PROBLEM TO SOLVE:
Write out again, exactly, the lines below starting at the one with "Variables (R : realType)" and ending at the one with "(f_lip : forall".

*** Opening SUPPLIED MATERIAL ***

Lemma expect_mart_sq_le N n : (n <= N)%N ->
  expect (fun w : traj E d N => mart w n ^+ 2) <= 4 * H ^+ 2 * n%:R * init_mass.
Proof.
elim: N n => [|N IH] n nN.
  move: nN; rewrite leqn0 => /eqP ->.
  by rewrite /expect big1 ?mulr0 ?mul0r // => w _; rewrite /mart big_geq // expr0n mulr0.
have [nN'|] := leqP n N.
  rewrite (@expect_rcons_traj_const N (fun w => mart w n ^+ 2)) ?IH // => v j u.
  by rewrite mart_rcons_traj.
move=> Nn; have -> : n = N.+1 by apply/eqP; rewrite eqn_leq nN.
rewrite expect_rcons_traj.
apply: le_trans (ler_expect (G := fun v => mart v N ^+ 2 + 4 * H ^+ 2) _) _.
  exact: sum_transition_mart_sq.
rewrite expectD expect_cst [N.+1%:R]mulrSr mulrDr mulrDl mulr1.
exact: lerD (IH N (leqnn N)) _.
Qed.

End Expectation.

Section PoissonSolutionBounds.
Variables (R : realType) (E : finType) (P : E -> E -> R) (mu : E -> R).
Hypotheses (sP : stochastic P) (irrP : irreducible P).
Hypotheses (mu_prob : probability_on mu) (mu_inv : invariant_law P mu).
Variables (V : normedZmodType R) (f : E -> V -> R) (B L : R).
Hypotheses (f_le : forall k y, `|f k y| <= B)
  (f_lip : forall k y z, `|f k y - f k z| <= L * `|y - z|).

Lemma norm_avg_le (g : E -> R) c : (forall i, `|g i| <= c) -> `|\sum_i g i * mu i| <= c.
Proof.
have [mu0 mu1] := mu_prob; move=> gc.
under eq_bigr do rewrite mulrC.
apply: le_trans (norm_sum_mul_le _ gc) _.
by under eq_bigr do rewrite ger0_norm //; rewrite mu1 mul1r.
Qed.

Lemma poisson_solution_bounded_lipschitz : exists (h : E -> V -> R) (H Lh : R),
  [/\ 0 <= H, 0 <= Lh, forall i y, `|h i y| <= H,
      forall i y z, `|h i y - h i z| <= Lh * `|y - z| &
      forall i y, f i y - \sum_j f j y * mu j = h i y - \sum_k P i k * h k y].
Proof.
have [_ mu1] := mu_prob.
have [Q solQ] := poisson_equation sP irrP mu_prob mu_inv.
pose g i y := f i y - \sum_j f j y * mu j.
pose SQ := \sum_i \sum_j `|Q j i|.
have SQ0 : 0 <= SQ by rewrite !sumr_ge0 // => *; rewrite sumr_ge0.
have SQi i : \sum_j `|Q j i| <= SQ.
  by rewrite /SQ [X in _ <= X](bigD1 i) //= lerDl sumr_ge0 // => *; rewrite sumr_ge0.
have g_le i y : `|g i y| <= 2 * `|B|.
  have fB k : `|f k y| <= `|B| by rewrite (le_trans (f_le k y)) ?ler_norm.
  by rewrite mulr2n mulrDl mul1r (le_trans (ler_normB _ _)) // lerD ?norm_avg_le.
have g_lip i y z : `|g i y - g i z| <= 2 * `|L| * `|y - z|.
  have fL k : `|f k y - f k z| <= `|L| * `|y - z|.
    by rewrite (le_trans (f_lip k y z)) // ler_wpM2r ?ler_norm.
  rewrite (_ : g i y - g i z = (f i y - f i z) - \sum_j (f j y - f j z) * mu j); last first.
    by rewrite /g; under [in RHS]eq_bigr do rewrite mulrBl; rewrite sumrB; ring.
  by rewrite !mulr2n !mulrDl !mul1r (le_trans (ler_normB _ _)) // lerD ?norm_avg_le.
exists (fun i y => \sum_j g j y * Q j i), (2 * `|B| * SQ), (2 * `|L| * SQ); split.
- by rewrite !mulr_ge0.
- by rewrite !mulr_ge0.
- move=> i y; rewrite mulrC; under eq_bigr do rewrite mulrC.
  apply: le_trans (norm_sum_mul_le _ (g_le ^~ y)) _.
  by rewrite ler_wpM2r ?mulr_ge0.
- move=> i y z; rewrite -sumrB; under eq_bigr do rewrite -mulrBl mulrC.
  apply: le_trans (norm_sum_mul_le _ (fun j => g_lip j y z)) _.
  by rewrite [X in _ <= X]mulrAC mulrC ler_wpM2l ?mulr_ge0.
- move=> i y; rewrite solQ //.
  rewrite /g; under eq_bigr do rewrite mulrBr; rewrite sumrB -mulr_suml mu1 mul1r.
  by apply/eqP; rewrite subr_eq0; apply/eqP/eq_bigr => j _; rewrite mulrC.
Qed.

*** Closing SUPPLIED MATERIAL ***

RESULT OF THIS TASK:
Variables (R : realType) (E : finType) (P : E -> E -> R) (mu : E -> R).
Hypotheses (sP : stochastic P) (irrP : irreducible P).
Hypotheses (mu_prob : probability_on mu) (mu_inv : invariant_law P mu).
Variables (V : normedZmodType R) (f : E -> V -> R) (B L : R).
Hypotheses (f_le : forall k y, `|f k y| <= B)
  (f_lip : forall k y z, `|f k y - f k z| <= L * `|y - z|).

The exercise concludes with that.